(* Let $G$ be a locally compact abelian group, $K$ a compact subgroup, and $\Omega$ an open subgroup containing $K$. Consider the continuous map $$\Phi:\mathcal{S}(G)\to\mathcal{S}(\Omega)\times\mathcal{S}(G/K),\qquad H\mapsto\big(H\cap\Omega,\ (H+K)/K\big).$$ Let $R\in\mathcal{S}(\Omega)$ and let $M$ be a closed subgroup of $G$ containing $K$. Then the fiber $\Phi^{-1}(R,M/K)$ is either empty or homeomorphic to the compact group $\mathrm{Hom}\big((M+\Omega)/\Omega,\ K/(K\cap R)\big)$ (with the topology of pointwise convergence); in particular it is homogeneous.
   Context: $\mathcal{S}(X)$ denotes the space of closed subgroups of a locally compact group $X$ with the Chabauty topology (basic open sets $\{F: F\cap K'=\emptyset,\ F\cap U_i\ne\emptyset\ \forall i\}$, $K'$ compact, $U_i$ open). Homomorphisms are continuous; $(M+\Omega)/\Omega$ is discrete. *)

From mathcomp Require Import all_boot all_order all_algebra.
From mathcomp Require Import all_classical all_reals all_analysis.
Set Implicit Arguments. Unset Strict Implicit. Unset Printing Implicit Defensive.
Import Order.TTheory GRing.Theory Num.Theory.
Local Open Scope classical_set_scope.
Local Open Scope ring_scope.

Section Defs.
Variable G : topologicalZmodType.

Definition is_subgroup (H : set G) : Prop :=
  H 0 /\ (forall x y, H x -> H y -> H (x - y)).

Definition closed_subgroup (H : set G) : Prop := is_subgroup H /\ closed H.

Definition SG : set (set G) := [set H | closed_subgroup H].

Definition setadd (A B : set G) : set G := [set a + b | a in A & b in B].

Definition coset (H : set G) (x : G) : set G := [set x + h | h in H].

(* (image of A in) G/H, cosets represented as subsets of G:  A/H = {a + H | a in A} *)
Definition quot (A H : set G) : set (set G) := [set coset H a | a in A].

Definition fiber (K Om R M : set G) : set (set G) :=
  [set H | SG H /\ H `&` Om = R /\ quot (setadd H K) K = quot M K].
End Defs.

Section Top.
Variable A : Type.
Definition is_topology (T : set (set A)) : Prop :=
  T setT /\ (forall U V, T U -> T V -> T (U `&` V)) /\
  (forall F : set (set A), F `<=` T -> T (\bigcup_(U in F) U)).

Definition gen_open (S : set (set A)) : set (set A) :=
  [set U | forall T, is_topology T -> S `<=` T -> T U].
End Top.

Definition homeomorphic_sub (A B : Type) (opA : set (set A)) (X : set A)
  (opB : set (set B)) (Y : set B) : Prop :=
  exists (f : A -> B) (g : B -> A),
    (forall x, X x -> Y (f x)) /\ (forall y, Y y -> X (g y)) /\
    (forall x, X x -> g (f x) = x) /\ (forall y, Y y -> f (g y) = y) /\
    (forall V, opB V -> exists U, opA U /\ X `&` f @^-1` V = X `&` U) /\
    (forall U, opA U -> exists V, opB V /\ Y `&` g @^-1` U = Y `&` V).

Section Spaces.
Variable G : topologicalZmodType.

(* Chabauty topology on subsets of G (subbasis); its trace on S(G) is the
   Chabauty topology of S(G) *)
Definition chabauty_subbasis : set (set (set G)) :=
  [set W | (exists C : set G, compact C /\ W = [set F | F `&` C = set0]) \/
           (exists U : set G, open U /\ W = [set F | F `&` U !=set0])].
Definition chabauty_open : set (set (set G)) := gen_open chabauty_subbasis.

Definition quot_open (K L : set G) : set (set (set G)) :=
  [set U | U `<=` quot K L /\
     exists V : set G, open V /\ [set k | K k /\ U (coset L k)] = K `&` V].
##########
TASK GOAL:
Write the listing out again, word for word, in its entirety.

RESPONSE BOX:
(* Let $G$ be a locally compact abelian group, $K$ a compact subgroup, and $\Omega$ an open subgroup containing $K$. Consider the continuous map $$\Phi:\mathcal{S}(G)\to\mathcal{S}(\Omega)\times\mathcal{S}(G/K),\qquad H\mapsto\big(H\cap\Omega,\ (H+K)/K\big).$$ Let $R\in\mathcal{S}(\Omega)$ and let $M$ be a closed subgroup of $G$ containing $K$. Then the fiber $\Phi^{-1}(R,M/K)$ is either empty or homeomorphic to the compact group $\mathrm{Hom}\big((M+\Omega)/\Omega,\ K/(K\cap R)\big)$ (with the topology of pointwise convergence); in particular it is homogeneous.
   Context: $\mathcal{S}(X)$ denotes the space of closed subgroups of a locally compact group $X$ with the Chabauty topology (basic open sets $\{F: F\cap K'=\emptyset,\ F\cap U_i\ne\emptyset\ \forall i\}$, $K'$ compact, $U_i$ open). Homomorphisms are continuous; $(M+\Omega)/\Omega$ is discrete. *)

From mathcomp Require Import all_boot all_order all_algebra.
From mathcomp Require Import all_classical all_reals all_analysis.
Set Implicit Arguments. Unset Strict Implicit. Unset Printing Implicit Defensive.
Import Order.TTheory GRing.Theory Num.Theory.
Local Open Scope classical_set_scope.
Local Open Scope ring_scope.

Section Defs.
Variable G : topologicalZmodType.

Definition is_subgroup (H : set G) : Prop :=
  H 0 /\ (forall x y, H x -> H y -> H (x - y)).

Definition closed_subgroup (H : set G) : Prop := is_subgroup H /\ closed H.

Definition SG : set (set G) := [set H | closed_subgroup H].

Definition setadd (A B : set G) : set G := [set a + b | a in A & b in B].

Definition coset (H : set G) (x : G) : set G := [set x + h | h in H].

(* (image of A in) G/H, cosets represented as subsets of G:  A/H = {a + H | a in A} *)
Definition quot (A H : set G) : set (set G) := [set coset H a | a in A].

Definition fiber (K Om R M : set G) : set (set G) :=
  [set H | SG H /\ H `&` Om = R /\ quot (setadd H K) K = quot M K].
End Defs.

Section Top.
Variable A : Type.
Definition is_topology (T : set (set A)) : Prop :=
  T setT /\ (forall U V, T U -> T V -> T (U `&` V)) /\
  (forall F : set (set A), F `<=` T -> T (\bigcup_(U in F) U)).

Definition gen_open (S : set (set A)) : set (set A) :=
  [set U | forall T, is_topology T -> S `<=` T -> T U].
End Top.

Definition homeomorphic_sub (A B : Type) (opA : set (set A)) (X : set A)
  (opB : set (set B)) (Y : set B) : Prop :=
  exists (f : A -> B) (g : B -> A),
    (forall x, X x -> Y (f x)) /\ (forall y, Y y -> X (g y)) /\
    (forall x, X x -> g (f x) = x) /\ (forall y, Y y -> f (g y) = y) /\
    (forall V, opB V -> exists U, opA U /\ X `&` f @^-1` V = X `&` U) /\
    (forall U, opA U -> exists V, opB V /\ Y `&` g @^-1` U = Y `&` V).

Section Spaces.
Variable G : topologicalZmodType.

(* Chabauty topology on subsets of G (subbasis); its trace on S(G) is the
   Chabauty topology of S(G) *)
Definition chabauty_subbasis : set (set (set G)) :=
  [set W | (exists C : set G, compact C /\ W = [set F | F `&` C = set0]) \/
           (exists U : set G, open U /\ W = [set F | F `&` U !=set0])].
Definition chabauty_open : set (set (set G)) := gen_open chabauty_subbasis.

Definition quot_open (K L : set G) : set (set (set G)) :=
  [set U | U `<=` quot K L /\
     exists V : set G, open V /\ [set k | K k /\ U (coset L k)] = K `&` V].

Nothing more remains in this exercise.